General development order — Refusal of permission for a tennis court — Whether permitted development — Whether within the curtilage of the dwelling — Application by owner dismissed
The applicant is the owner of Robins Cottage, Upper Wardley, Milland, West Sussex, a substantial detached dwelling. The applicant constructed a tennis court some 100 m distant from the house at the western end of an open field beyond an area of undergrowth and rough grassland and a partial and indistinct line of trees and shrubs. His appeal against the decision of the second respondents, Chichester District Council, to refuse him permission to retain the tennis court, was dismissed by the first respondent’s inspector. The inspector had decided that the field was separate and distinct from the cultivated garden attached to the house and the house and tennis court did not have the appearance of being within the same enclosure. Accordingly, the tennis court did not constitute permitted development within the curtilage of a dwellinghouse pursuant to Class E of Part I of Schedule 2 to the General Development Order 1988 and he was entitled to dismiss the appeal against the refusal of planning permission.
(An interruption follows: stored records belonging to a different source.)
Local Notation V := [set x i | i : 'I_n].
Local Notation eH := (attach_edge eG V Vi ei).
Local Notation VH := (attach_vertices V Vi).
Implicit Types (i j k : 'I_n) (I J : {set 'I_n}) (u v : T).

Lemma root_in_V j : x j \in V.
Proof. exact: imset_f. Qed.

Lemma tail_notin_V i u : u \in Vi i :\ x i -> u \notin V.
Proof. by move=> ut; rewrite (disjointFr (disj_tail_roots i) ut). Qed.

Lemma Vi_V_root i u : u \in Vi i -> u \in V -> u = x i.
Proof.
move=> uVi uV; apply/eqP; apply: contraTT uV => ux.
by apply: (tail_notin_V (i := i)); rewrite in_setD1 ux.
Qed.

Lemma root_in_Vi j k : x j \in Vi k -> j = k.
Proof. by move=> xVk; apply: x_inj; apply: Vi_V_root xVk (root_in_V j). Qed.

Lemma Vi_inj i j u : u \in Vi i -> u \in Vi j -> i = j.
Proof.
move=> uVi uVj; have [uV | uNV] := boolP (u \in V).
  by apply: x_inj; rewrite -(Vi_V_root uVi uV) -(Vi_V_root uVj uV).
have tail k : u \in Vi k -> u \in Vi k :\ x k.
  by move=> uVk; rewrite in_setD1 uVk andbT; apply: contraNneq uNV => ->; apply: root_in_V.
apply/eqP; apply: contraTT (tail j uVj) => ij.
by rewrite (disjointFr (disj_tails ij) (tail i uVi)).
Qed.

Lemma attach_edgeE u v : eH u v =
  [&& u \in V, v \in V & eG u v] || [exists k, [&& u \in Vi k, v \in Vi k & ei k u v]].
Proof. by []. Qed.

Lemma attach_edge_tail i u v : u \in Vi i :\ x i -> eH u v = (v \in Vi i) && ei i u v.
Proof.
move=> ut; have /setD1P[_ uVi] := ut.
rewrite attach_edgeE (negbTE (tail_notin_V ut)) /=.
apply/existsP/andP => [[k /and3P[uVk vVk ek]] | [vVi ei_uv]].
  by rewrite -(Vi_inj uVi uVk) in vVk ek.
by exists i; rewrite uVi vVi.
Qed.

Lemma attach_edge_tailr i u v : v \in Vi i :\ x i -> eH u v = (u \in Vi i) && ei i u v.
Proof.
move=> vt; have /setD1P[_ vVi] := vt.
rewrite attach_edgeE (negbTE (tail_notin_V vt)) andbF /=.
apply/existsP/andP => [[k /and3P[uVk vVk ek]] | [uVi ei_uv]].
  by rewrite -(Vi_inj vVi vVk) in uVk ek.
by exists i; rewrite uVi vVi.
Qed.

Lemma attach_edge_roots i j : i != j -> eH (x i) (x j) = eG (x i) (x j).
Proof.
move=> ij; rewrite attach_edgeE !root_in_V orbC /=.
case: existsP => // -[k /and3P[/root_in_Vi ik /root_in_Vi jk _]].
by rewrite ik jk eqxx in ij.
Qed.

Lemma separated_tail i : separated eH (Vi i :\ x i) (~: Vi i).
Proof.
move=> u v ut; rewrite inE => /negbTE vNVi.
by rewrite (attach_edge_tail _ ut) (attach_edge_tailr _ ut) vNVi.
Qed.

Lemma eq_in_attach_edge i : {in Vi i &, eH =2 ei i}.
Proof.
move=> u v uVi vVi.
have [-> | ux] := eqVneq u (x i); last by rewrite (@attach_edge_tail i) ?in_setD1 ?ux ?vVi.
have [-> | vx] := eqVneq v (x i); last by rewrite (@attach_edge_tailr i) ?in_setD1 ?vx ?x_Vi.
rewrite attach_edgeE (negbTE (simG.2 _ (root_in_V i))) (negbTE ((simVi i).2 _ (x_Vi i))).
rewrite root_in_V /=; apply/negbTE/existsP => -[k /and3P[/root_in_Vi <- _]].
by apply/negP; apply: (simVi i).2 (x_Vi i).
Qed.

Lemma simple_attach : simple_on eH VH.
Proof.
split=> [u v _ _ | u _]; rewrite !attach_edgeE.
  congr orb.
    by case: (boolP (u \in V)) => uV; case: (boolP (v \in V)) => vV //=; apply: simG.1.
  apply: eq_existsb => k.
  by case: (boolP (u \in Vi k)) => uVk; case: (boolP (v \in Vi k)) => vVk //=; apply: (simVi k).1.
rewrite negb_or; apply/andP; split.
  by case: (boolP (u \in V)) => //= uV; apply: simG.2.
by apply/existsP => -[k /and3P[uVk _]]; apply/negP; apply: (simVi k).2.
Qed.

(* For I \subset J: G restricted to the roots x_I, with G_j attached for j in I
   and the loose tails G_j \ x_j for j in J :\: I. *)
Definition attached_set (I J : {set 'I_n}) : {set T} :=
  x @: I :|: \bigcup_(j in J) (Vi j :\ x j).

Lemma attached_set_full : attached_set setT setT = VH.
Proof.
apply/setP=> u; rewrite !inE; apply/orP/orP => -[].
- by case/imsetP=> j _ ->; left; apply: root_in_V.
- by case/bigcupP=> j _ /setD1P[_ uVj]; right; apply/bigcupP; exists j.
- by case/imsetP=> j _ ->; left; apply: imset_f.
case/bigcupP=> j _ uVj; have [-> | uxj] := eqVneq u (x j).
  by left; apply: imset_f.
by right; apply/bigcupP; exists j; rewrite ?in_setD1 ?uxj.
Qed.

Lemma attached_set_tail I J i : i \in J ->
  attached_set I J = (Vi i :\ x i) :|: attached_set I (J :\ i).
Proof. by move=> iJ; rewrite /attached_set (big_setD1 _ iJ) /= setUCA. Qed.

Lemma attached_set_root I J i : i \in I ->
  attached_set I J = x i |: attached_set (I :\ i) J.
Proof. by move=> iI; rewrite /attached_set -{1}(setD1K iI) imsetU1 setUA. Qed.
(* Let $\ell\ge1$ be an integer and let $\tau^\ell$ be the $(2\ell+1)\times(2\ell+1)$ matrix defined in the context. Then: (a) $\tau^\ell$ is invertible (indeed unitary); (b) $|\tau^\ell_{0,0}|<1$; (c) Let $v\in\mathbb{C}^{2\ell+1}$ (coordinates indexed by $-\ell,\dots,\ell$) be supported either on $\{-\ell,\dots,-1\}$ or on $\{1,\dots,\ell\}$, and suppose $\tau^\ell v$ is supported either on $\{n\in\{-\ell,\dots,\ell\}: n+\ell \text{ even}\}$ or on $\{n\in\{-\ell,\dots,\ell\}: n+\ell\text{ odd}\}$. Then $v=0$ (and hence $\tau^\ell v=0$). (All four combinations of these support conditions are covered.)
   Context: For $\ell\in\{\tfrac12,1,\tfrac32,2,\dots\}$ and $m,n\in\{-\ell,-\ell+1,\dots,\ell\}$, define $$\tau^\ell_{m,n}=\sqrt{\frac{(\ell-m)!(\ell+m)!}{(\ell-n)!(\ell+n)!}}\;\frac{i^{2\ell}}{2^\ell}\int_{|z|=1}(z+1)^{\ell-n}(z-1)^{\ell+n}z^{m-\ell}\,\frac{dz}{2\pi i z},$$ i.e. the prefactor times the coefficient of $z^{\ell-m}$ in the polynomial $(z+1)^{\ell-n}(z-1)^{\ell+n}$. The matrix $\tau^\ell=(\tau^\ell_{m,n})$, rows indexed by $m$ and columns by $n$ in increasing order from $-\ell$ to $\ell$, is the matrix of the spin-$\ell$ irreducible representation of $SU(2)$ evaluated at $\frac{1}{\sqrt2}\begin{pmatrix} i & i\\ i & -i\end{pmatrix}$, and is unitary. *)

From HB Require Import structures.
From mathcomp Require Import all_boot all_order all_algebra all_field.
Set Implicit Arguments. Unset Strict Implicit. Unset Printing Implicit Defensive.
Import Order.TTheory GRing.Theory Num.Theory.
Local Open Scope ring_scope.

(* Indices: row index i : 'I_(2l+1) encodes m = i - l, column j encodes n = j - l.
   Then l - m = 2l - i, l + m = i, l - n = 2l - j, l + n = j. *)

(* coefficient of z^(l-m) in (z+1)^(l-n) (z-1)^(l+n) *)
Definition tau_coef (l i j : nat) : algC :=
  ((('X + 1) ^+ (2 * l - j)%N * ('X - 1) ^+ j) : {poly algC})`_(2 * l - i)%N.

Definition tau (l : nat) : 'M[algC]_(2 * l + 1) :=
  \matrix_(i < 2 * l + 1, j < 2 * l + 1)
    (sqrtC (((2 * l - i)`! * i`!)%:R / ((2 * l - j)`! * j`!)%:R)
     * ('i ^+ (2 * l) / 2 ^+ l) * tau_coef l i j).

Definition adjmx n (A : 'M[algC]_n) : 'M[algC]_n := (map_mx Num.conj A)^T.

(* v supported on {-l,...,-1}, i.e. index i with i < l *)
Definition supp_neg l (v : 'cV[algC]_(2 * l + 1)) : Prop :=
  forall i : 'I_(2 * l + 1), (l <= i)%N -> v i 0 = 0.
(* v supported on {1,...,l}, i.e. index i with l < i *)
Definition supp_pos l (v : 'cV[algC]_(2 * l + 1)) : Prop :=
  forall i : 'I_(2 * l + 1), (i <= l)%N -> v i 0 = 0.
(* supported on {n : n + l even}; n + l = index j *)
Definition supp_even l (w : 'cV[algC]_(2 * l + 1)) : Prop :=
  forall j : 'I_(2 * l + 1), odd j -> w j 0 = 0.
Definition supp_odd l (w : 'cV[algC]_(2 * l + 1)) : Prop :=
  forall j : 'I_(2 * l + 1), ~~ odd j -> w j 0 = 0.

(* the index encoding m = 0, i.e. i = l *)
Lemma mid_lt (l : nat) : (l < 2 * l + 1)%N.
Proof. by rewrite addn1 ltnS mul2n -addnn leq_addr. Qed.
Definition mid (l : nat) : 'I_(2 * l + 1) := Ordinal (mid_lt l).

From HB Require Import structures.
From mathcomp Require Import all_boot all_order all_algebra all_field.
From mathcomp Require Import ring zify.
Set Implicit Arguments. Unset Strict Implicit. Unset Printing Implicit Defensive.
Import Order.TTheory GRing.Theory Num.Theory.
Local Open Scope ring_scope.

(* Up to the diagonal scaling by d_j = sqrt((2l-j)! j!) and the scalar
   c = i^(2l) / 2^l, the entry tau_(i,j) is the Krawtchouk coefficient
   K_(i,j) = [z^(2l-i)] (z+1)^(2l-j) (z-1)^j, whose generating function is
   sum_i K_(i,j) a^(2l-i) b^i = (a+b)^(2l-j) (a-b)^j.  Substituting
   a = z+1, b = z-1 gives K^2 = 2^(2l); the symmetry of (1 + x + y(1-x))^(2l)
   in x and y gives C(2l,j) K_(i,j) = C(2l,i) K_(j,i).  Together they make the
   rows of K orthogonal for the weights 1/((2l-j)! j!), which is the
   unitarity of tau.  In the orthogonality relation for row l the terms
   j = l and j = 0 are both positive, whence |K_(l,l)| < 2^l, i.e.
   |tau_(0,0)| < 1.  Finally (tau v)_i is, up to nonzero factors, the
   coefficient of z^(2l-i) in f = sum_j (v_j / d_j) (z+1)^(2l-j) (z-1)^j.
   The support of v makes f divisible by (z+1)^(l+1) or by (z-1)^(l+1); the
   parity of tau v makes f even or odd, hence divisible by both, which forces
   f = 0 since deg f <= 2l; then v = 0 because K is invertible. *)

Section Homogenization.
Variable R : comNzRingType.
Implicit Types (p a b : {poly R}) (c : R).

Definition homog m p a b : {poly R} :=
  \sum_(k < m.+1) (p`_k)%:P * a ^+ k * b ^+ (m - k).

Lemma homog_XaddC_mul m p c a b : (size p <= m.+1)%N ->
  homog m.+1 (('X + c%:P) * p) a b = (a + c%:P * b) * homog m p a b.
Proof.
move=> sp; rewrite /homog mulrDl.
under eq_bigr do rewrite coefD polyCD !mulrDl.
rewrite big_split /= [RHS]mulrDl; congr (_ + _).
  rewrite big_ord_recl coefXM /= mul0r mul0r add0r big_distrr /=.
  by apply: eq_bigr => i _; rewrite coefXM /= subSS exprS; ring.
rewrite big_ord_recr /= coefCM (nth_default _ sp) mulr0 mul0r mul0r addr0.
rewrite big_distrr /=; apply: eq_bigr => i _; rewrite coefCM polyCM.
by rewrite subSn ?exprS; [ring | rewrite -ltnS].
Qed.

Lemma size_Xadd1_Xsub1_exp u v :
  size (('X + 1) ^+ u * ('X - 1) ^+ v : {poly R}) = (u + v).+1.
Proof.
have Xadd1E : 'X + 1 = 'X - (-1)%:P :> {poly R} by rewrite polyCN opprK polyC1.
have Xsub1E : 'X - 1 = 'X - 1%:P :> {poly R} by rewrite polyC1.
rewrite Xadd1E Xsub1E size_Mmonic ?monic_exp ?monicXsubC //; last first.
  by rewrite -size_poly_eq0 size_exp_XsubC.
by rewrite !size_exp_XsubC addSn addnS.
Qed.

Lemma homog_Xadd1_Xsub1_exp u v a b :
  homog (u + v) (('X + 1) ^+ u * ('X - 1) ^+ v) a b = (a + b) ^+ u * (a - b) ^+ v.
Proof.
elim: u => [|u IHu].
  rewrite add0n !expr0 !mul1r; elim: v => [|v IHv].
    by rewrite /homog big_ord_recl big_ord0 addr0 coefC /= !expr0 !mulr1.
  rewrite exprS -polyC1 -polyCN -[in RHS]mulN1r homog_XaddC_mul.
    by rewrite polyCN polyC1 IHv exprS mulN1r.
  by have := size_Xadd1_Xsub1_exp 0 v; rewrite expr0 mul1r polyCN polyC1 => ->.
rewrite addSn exprS -mulrA -{1}polyC1 homog_XaddC_mul ?size_Xadd1_Xsub1_exp //.
by rewrite IHu mul1r exprS mulrA.
Qed.

End Homogenization.

Lemma leq_ord_addn1 n (i : 'I_(n + 1)) : (i <= n)%N.
Proof. by rewrite -ltnS -[n.+1]addn1 ltn_ord. Qed.

Section Krawtchouk.
Variables (R : comNzRingType) (l : nat).
Implicit Types (i j k : nat) (a b : {poly R}).

Definition kraw_poly j : {poly R} := ('X + 1) ^+ (2 * l - j) * ('X - 1) ^+ j.

Definition kraw i j : R := (kraw_poly j)`_(2 * l - i).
The applicant applied to quash that decision on the ground that there had been an error of law and that proper regard had not been had to the authorities on the meaning of curtilage.
Held The application was dismissed.
The inspector was entitled to follow the conclusion of the inspector in T/APP/5178/C82/212/G4 that the phrase “curtilage of a building” has no precise limits but must be considered according to the facts of each particular case. The inspector applied that test and was entitled to conclude, as he had done, that the tennis court was outside the curtilage on the facts as he found them. He had concluded that the tennis court was highly obtrusive in the open countryside and was quite out of keeping in an area of outstanding natural beauty.
Methuen-Cambell v Walters (1978) 247 EG 899 referred to.
Hugh Donovan (instructed by Mackarness & Lunt, of Petersfield) appeared for the applicant; and Robert Jay (instructed by the Treasury Solicitor) appeared for the first respondent, the Secretary of State for the Environment. The second respondents, Chichester District Council, did not appear and were not represented.